How to describe Cairo so far? Mother of all cities. City of cities. Cairo is not a city with a little c, it is pure, raw, unadulterated City.

Being a geek, I am reminded of various things in the Unknown Armies game system, such as the Nomad Raphael and the school of Urbanomancy. Green spaces are few and far between here. The buildings are now-dilapidated grandeur and splendour, stretching storeys high into the sky. The pollution here is phenomenal. I havent seen the full blown Cairo cloud yet but I have walked alongside the roads by the Nile in the evening (and crossed the insane Cairene road traffic, gaining a +1 percentile bonus to my Dodge skill each time) and felt the fumes choke me and the grime swirl around my skin. Today I can smell the stink of petrol and, for some reason, cheap perfume from inside the internet cafe. If you have any kind of serious respiratory problem, for heaven's sake don't come to Cairo. Mine is mild and Ive been having serious problems when the evening air cools and the fumes sink.

When leaving Tunis, I picked up a flight magazine that mentioned the average per capita income of a Tunisian. Those rich Tunisians earn on average...wait for it...$9,630. Thats less than half our minimum wage.

The Egyptians earn per capita $5,491. But in actual fact this is shifted by the few rich Egyptians.

Heres an insight for you:

Over 40 per cent of Egyptians live under the poverty line of 1,854LE per year, or five LE per day, while 10 per cent live in absolute poverty on less than 2.7 LE per day.

For a better understanding of this, a good approximation is 1 pound sterling equals 10 LE. Yes, thats right, that's one in four people earning under 50p a day, and one in ten earning 27p a day.

It's...awe inspiring. It's incredible. It's shocking and it's being driven home every day. Sure, everything costs less here. But not so you could live on that kind of a pittance. A bed at a youth hostel costs the equivalent of 1 pound 40, bread 10p, a litre and a half of water 15p. Or you can drink the tap water for the parasites of your choice.

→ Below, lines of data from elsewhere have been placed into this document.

(* Assume the setting (S) below. If $V$ and $V'$ are proper $T$-submodules of $M$, then $V+V'$ is a proper $T$-submodule of $M$.
   Context: Setting (S): $\mathbb{F}$ is a field, $d\ge0$, and $(\{\theta_i\}_{i=0}^d;\{\theta^*_i\}_{i=0}^d;\{\zeta_i\}_{i=0}^d)$ are scalars in $\mathbb{F}$ satisfying: (C1) $\theta_i\ne\theta_j$, $\theta^*_i\ne\theta^*_j$ for $i\ne j$; (C2) $\zeta_0=1$, $\zeta_d\ne0$, $\sum_{i=0}^d\eta_{d-i}(\theta_0)\eta^*_{d-i}(\theta^*_0)\zeta_i\ne0$, where $\eta_i(\lambda)=\prod_{j=0}^{i-1}(\lambda-\theta_{d-j})$, $\eta^*_i(\lambda)=\prod_{j=0}^{i-1}(\lambda-\theta^*_{d-j})$; (C3) $\frac{\theta_{i-2}-\theta_{i+1}}{\theta_{i-1}-\theta_i}$ and $\frac{\theta^*_{i-2}-\theta^*_{i+1}}{\theta^*_{i-1}-\theta^*_i}$ are equal and independent of $i$ for $2\le i\le d-1$. Let $\tau_i(\lambda)=\prod_{j=0}^{i-1}(\lambda-\theta_j)$. For any such data satisfying (C1),(C3), $T$ denotes the associative $\mathbb{F}$-algebra with $1$ generated by $a,e_0,\dots,e_d,a^*,e^*_0,\dots,e^*_d$ with relations $e_ie_j=\delta_{ij}e_i$, $e^*_ie^*_j=\delta_{ij}e^*_i$, $\sum_ie_i=\sum_ie^*_i=1$, $a=\sum_i\theta_ie_i$, $a^*=\sum_i\theta^*_ie^*_i$, $e^*_ia^ke^*_j=0$ and $e_i{a^*}^ke_j=0$ whenever $0\le i,j,k\le d$, $k<|i-j|$; $e^*_0Te^*_0$ is a commutative $\mathbb{F}$-algebra with identity $e^*_0$, and $\mu:\mathbb{F}[x_1,\dots,x_d]\to e^*_0Te^*_0$ is the surjective algebra homomorphism $x_i\mapsto e^*_0\tau_i(a)e^*_0$. It is assumed (the $\mu$-conjecture) that for every $d'\ge0$ and every data $\{\theta_i\},\{\theta^*_i\}$ of length $d'+1$ satisfying (C1),(C3), the corresponding $\mu$ is an isomorphism. For $1\le i\le d$ put $g_i=e^*_0\tau_i(a)e^*_0-\zeta_ie^*_0/((\theta^*_0-\theta^*_1)\cdots(\theta^*_0-\theta^*_i))$, $J=T(1-e^*_0)+\sum_{i=1}^dTg_i$, and $M=T/J$ as a left $T$-module. *)

From HB Require Import structures.
From mathcomp Require Import all_boot all_order all_algebra.
From mathcomp Require Import mpoly.
Set Implicit Arguments. Unset Strict Implicit. Unset Printing Implicit Defensive.
Import GRing.Theory.
Local Open Scope ring_scope.

(* The free associative F-algebra with 1 on a set X of generators, realised *)
(* as formal finite linear combinations of words (seq X); two formal sums   *)
(* denote the same element iff all their word-coefficients agree (feq).     *)
Section FreeAlg.
Variable F : fieldType.
Variable X : eqType.

Definition fa := seq (F * seq X).

Definition fcoef (p : fa) (w : seq X) : F := \sum_(t <- p | t.2 == w) t.1.
Definition feq (p q : fa) : Prop := forall w, fcoef p w = fcoef q w.

Definition fzero : fa := [::].
Definition fone : fa := [:: (1, [::])].
Definition fgen (x : X) : fa := [:: (1, [:: x])].
Definition fadd (p q : fa) : fa := p ++ q.
Definition fscale (c : F) (p : fa) : fa := [seq (c * t.1, t.2) | t <- p].
Definition fsub (p q : fa) : fa := p ++ fscale (-1) q.
Definition fmul (p q : fa) : fa := [seq (t.1 * s.1, t.2 ++ s.2) | t <- p, s <- q].
Definition fsum (s : seq fa) : fa := flatten s.
Definition fprod (s : seq fa) : fa := foldr fmul fone s.
Definition fpow (p : fa) (k : nat) : fa := iter k (fmul p) fone.

Definition in_ideal (R : seq fa) (p : fa) : Prop :=
  exists s : seq (F * seq X * fa * seq X),
    all (fun t => t.1.2 \in R) s /\
    feq p (fsum [seq fmul (fmul [:: t.1.1] t.1.2) [:: (1, t.2)] | t <- s]).

Definition in_left_ideal (R : seq fa) (p : fa) : Prop :=
  exists s : seq (F * seq X * fa),
    all (fun t => t.2 \in R) s /\
    feq p (fsum [seq fmul [:: t.1] t.2 | t <- s]).
End FreeAlg.

(* The algebra T for data (d, theta, thetastar).  Generators:                   *)
(*   (false, None) = a,  (false, Some i) = e_i,                              *)
(*   (true, None)  = a*, (true, Some i)  = e*_i     (0 <= i <= d).           *)
(* T = F<gen d> / in_ideal (Trels ...).                                      *)
Definition gen (d : nat) := (bool * option 'I_d.+1)%type.

Section TAlg.
Variable F : fieldType.
Variable d : nat.
Variables th ths : nat -> F.

Local Notation FA := (fa F (gen d)).

Definition gA : FA := fgen F (false, None).
Definition gAs : FA := fgen F (true, None).
Definition gE (i : nat) : FA := fgen F (false, Some (inord i)).
Definition gEs (i : nat) : FA := fgen F (true, Some (inord i)).

Definition idx := iota 0 d.+1.

Definition Trels : seq FA :=
  [seq fsub (fmul (gE i) (gE j)) (if i == j then gE i else fzero F (gen d))
     | i <- idx, j <- idx] ++
  [seq fsub (fmul (gEs i) (gEs j)) (if i == j then gEs i else fzero F (gen d))
     | i <- idx, j <- idx] ++
  [:: fsub (fsum [seq gE i | i <- idx]) (fone F (gen d));
      fsub (fsum [seq gEs i | i <- idx]) (fone F (gen d));
      fsub gA (fsum [seq fscale (th i) (gE i) | i <- idx]);
      fsub gAs (fsum [seq fscale (ths i) (gEs i) | i <- idx])] ++
  flatten [seq [seq fmul (fmul (gEs i) (fpow gA k)) (gEs j)
                  | k <- iota 0 (maxn (i - j)%N (j - i)%N)] | i <- idx, j <- idx] ++
  flatten [seq [seq fmul (fmul (gE i) (fpow gAs k)) (gE j)
                  | k <- iota 0 (maxn (i - j)%N (j - i)%N)] | i <- idx, j <- idx].

(* membership in the defining ideal of T (i.e. "p = 0 in T") *)
Definition inI (p : FA) : Prop := in_ideal Trels p.

Definition tau_a (i : nat) : FA :=
  fprod [seq fsub gA (fscale (th j) (fone F (gen d))) | j <- iota 0 i].

Definition Xi (i : nat) : FA := fmul (fmul (gEs 0) (tau_a i)) (gEs 0).

(* mu : F[x_1..x_d] -> e*_0 T e*_0, x_i |-> e*_0 tau_i(a) e*_0, 1 |-> e*_0;
   variable i : 'I_d of the mpoly ring stands for x_{i+1}. *)
Definition mu (p : {mpoly F[d]}) : FA :=
  fsum [seq fscale (p@_m)
              (fmul (gEs 0) (fprod [seq fpow (Xi (val i).+1) (m i) | i : 'I_d <- enum 'I_d]))
        | m <- msupp p].

Definition mu_iso : Prop :=
  (forall t : FA, exists p : {mpoly F[d]},
      inI (fsub (fmul (fmul (gEs 0) t) (gEs 0)) (mu p))) /\
  (forall p q : {mpoly F[d]}, inI (fsub (mu p) (mu q)) -> p = q).

End TAlg.

Section Conds.
Variable F : fieldType.

Definition C1 (d : nat) (th ths : nat -> F) : Prop :=
  forall i j, (i <= d)%N -> (j <= d)%N -> i <> j -> th i <> th j /\ ths i <> ths j.

Definition eta (d : nat) (th : nat -> F) (i : nat) (lam : F) : F :=
  \prod_(j < i) (lam - th (d - j)%N).

Definition C2 (d : nat) (th ths zeta : nat -> F) : Prop :=
  [/\ zeta 0%N = 1, zeta d <> 0 &
      \sum_(i < d.+1) eta d th (d - i)%N (th 0%N) * eta d ths (d - i)%N (ths 0%N) * zeta i
        <> 0].

Definition C3 (d : nat) (th ths : nat -> F) : Prop :=
  exists beta : F, forall i, (2 <= i)%N -> (i <= d.-1)%N ->
    (th (i - 2)%N - th i.+1) / (th i.-1 - th i) = beta /\
    (ths (i - 2)%N - ths i.+1) / (ths i.-1 - ths i) = beta.

Definition mu_conjecture : Prop :=
  forall (d' : nat) (th' ths' : nat -> F),
    C1 d' th' ths' -> C3 d' th' ths' -> mu_iso d' th' ths'.
End Conds.

(* The module M = T/J and its T-submodules, represented by their preimages   *)
(* in the free algebra F<gen d> (which surjects onto T and onto M).          *)
Section Module.
Variable F : fieldType.
Variable d : nat.
Variables th ths zeta : nat -> F.

Local Notation FA := (fa F (gen d)).

Definition gi (i : nat) : FA :=
  fsub (Xi d th i)
       (fscale (zeta i / \prod_(1 <= j < i.+1) (ths 0%N - ths j)) (gEs F d 0)).

Definition Jgens : seq FA :=
  fsub (fone F (gen d)) (gEs F d 0) :: [seq gi i | i <- iota 1 d].

(* preimage of J = T(1 - e*_0) + sum_i T g_i in the free algebra *)
Definition inJ (p : FA) : Prop :=
  exists q r, @inI F d th ths q /\ in_left_ideal Jgens r /\ feq p (fadd q r).

(* S is (the preimage in F<gen d> of) a T-submodule of M = T/J *)
Definition is_submodM (S : FA -> Prop) : Prop :=
  [/\ forall p, inJ p -> S p,
      forall p q, S p -> S q -> S (fadd p q),
      forall t p, S p -> S (fmul t p)
    & forall p q, S p -> inJ (fsub p q) -> S q].

Definition properM (S : FA -> Prop) : Prop := exists p, ~ S p.

Definition sumM (S S' : FA -> Prop) : FA -> Prop :=
  fun p => exists q r, S q /\ S' r /\ feq p (fadd q r).
End Module.

Arguments is_submodM {F} d th ths zeta S.
Arguments inJ {F} d th ths zeta p.

(* Assuming mu is onto, every e*_0 t e*_0 is congruent modulo J to mu(p) for some
   polynomial p, and mu(p) is congruent to a scalar multiple of e*_0, since each
   generator e*_0 tau_i(a) e*_0 acts on M = T/J as the scalar in g_i.  Hence
   e*_0 q is congruent to c e*_0 for any q.  If q lies in a submodule V and c <> 0,
   then e*_0 lies in V, and so does 1, because 1 - e*_0 lies in J.  So e*_0 V is
   contained in J for proper V.  Now if 1 = q + r with q in V and r in V', then
   e*_0 = e*_0 q + e*_0 r lies in J, hence 1 lies in J and V = M. *)
From Pilot Require Import Defs.
From mathcomp Require Import all_boot all_order all_algebra.
From mathcomp Require Import mpoly.
From mathcomp Require Import ring zify.
Set Implicit Arguments. Unset Strict Implicit. Unset Printing Implicit Defensive.
Import GRing.Theory.
Local Open Scope ring_scope.

Section FreeAlgebra.
Variable F : fieldType.
Variable X : eqType.
Local Notation FA := (fa F X).

Lemma fcoefE (p : FA) w : fcoef p w = \sum_(u <- p) (if u.2 == w then u.1 else 0).
Proof. by rewrite /fcoef big_mkcond. Qed.

Lemma fcoef_nil w : fcoef ([::] : FA) w = 0.
Proof. by rewrite /fcoef big_nil. Qed.

Lemma fcoef_cat (p q : FA) w : fcoef (p ++ q) w = fcoef p w + fcoef q w.
Proof. by rewrite /fcoef big_cat. Qed.

Lemma fcoef_scale c (p : FA) w : fcoef (fscale c p) w = c * fcoef p w.
Proof.
rewrite !fcoefE big_map mulr_sumr; apply: eq_bigr => u _.
by case: ifP; rewrite ?mulr0.
Qed.
Definition vadd (x y : nat -> Cplx) : nat -> Cplx := fun k => Cadd (x k) (y k).
Definition vscal (c : Cplx) (x : nat -> Cplx) : nat -> Cplx := fun k => Cmul c (x k).

Lemma inner_conj M x y : inner M y x = Cconj (inner M x y).
Proof. unfold inner. rewrite Csum_conj. apply Csum_ext; intros; csolve. Qed.

Lemma inner_vaddr M x y z : inner M x (vadd y z) = Cadd (inner M x y) (inner M x z).
Proof. unfold inner, vadd. rewrite <- Csum_add. apply Csum_ext; intros; ring. Qed.

Lemma inner_vscalr M x c y : inner M x (vscal c y) = Cmul c (inner M x y).
Proof. unfold inner, vscal. rewrite <- Csum_mull. apply Csum_ext; intros; ring. Qed.

Lemma inner_vaddl M x y z : inner M (vadd y z) x = Cadd (inner M y x) (inner M z x).
Proof. rewrite !(inner_conj M x), inner_vaddr, Cconj_add; auto. Qed.

Lemma inner_vscall M x c y : inner M (vscal c y) x = Cmul (Cconj c) (inner M y x).
Proof. rewrite !(inner_conj M x), inner_vscalr, Cconj_mul; auto. Qed.

Lemma inner_self M x : snd (inner M x x) = 0 /\ 0 <= fst (inner M x x).
Proof.
  unfold inner. induction M; simpl; [lra|].
  destruct IHM. destruct (x M) as [p q]. simpl. split; nra.
Qed.

Lemma inner_self_real M x : inner M x x = RtoC (vnorm2 M x).
Proof.
  destruct (inner_self M x) as [H _]. unfold vnorm2, RtoC.
  destruct (inner M x x); simpl in *; subst; auto.
Qed.

Lemma vnorm2_ge0 M x : 0 <= vnorm2 M x.
Proof. apply inner_self. Qed.

(** * The two-user max-min beamforming problem *)

Section Gram.
Variables (M : nat) (h1 h2 : nat -> Cplx).
Local Notation a := (g11 M h1 h2).
Local Notation b := (g22 M h1 h2).
Local Notation G := (inner M h1 h2).

Lemma gdet_Cmod : gdet M h1 h2 = a * b - Cmod G * Cmod G.
Proof. unfold gdet. rewrite Cmod_sq. reflexivity. Qed.

Lemma gdet_pos_gram_diag : 0 < gdet M h1 h2 -> 0 < a /\ 0 < b.
Proof.
  rewrite gdet_Cmod. intros Hd.
  pose proof (vnorm2_ge0 M h1). pose proof (vnorm2_ge0 M h2).
  fold (g11 M h1 h2) (g22 M h1 h2) in *.
  assert (a <> 0) by (intros E; rewrite E in Hd; nra).
  assert (b <> 0) by (intros E; rewrite E in Hd; nra).
  lra.
Qed.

There are so many hustlers, con men and scammers, its true. But they cant be compared to Tunisian hustlers because this is Cairo, in Egypt, cradle of civilisation, and these people are incredibly sophisticated. Avatars of the Merchant who, rather than bullying you into buying and leaving you angry and aware you have been mistreated, sweet talk you, are friendly and ease your money away from you in an almost blissful experience. These aren't people giving obviously false smiles or being smarmy or nasty - these are people who can seem absolutely honest and completely friendly and genuine as they con you.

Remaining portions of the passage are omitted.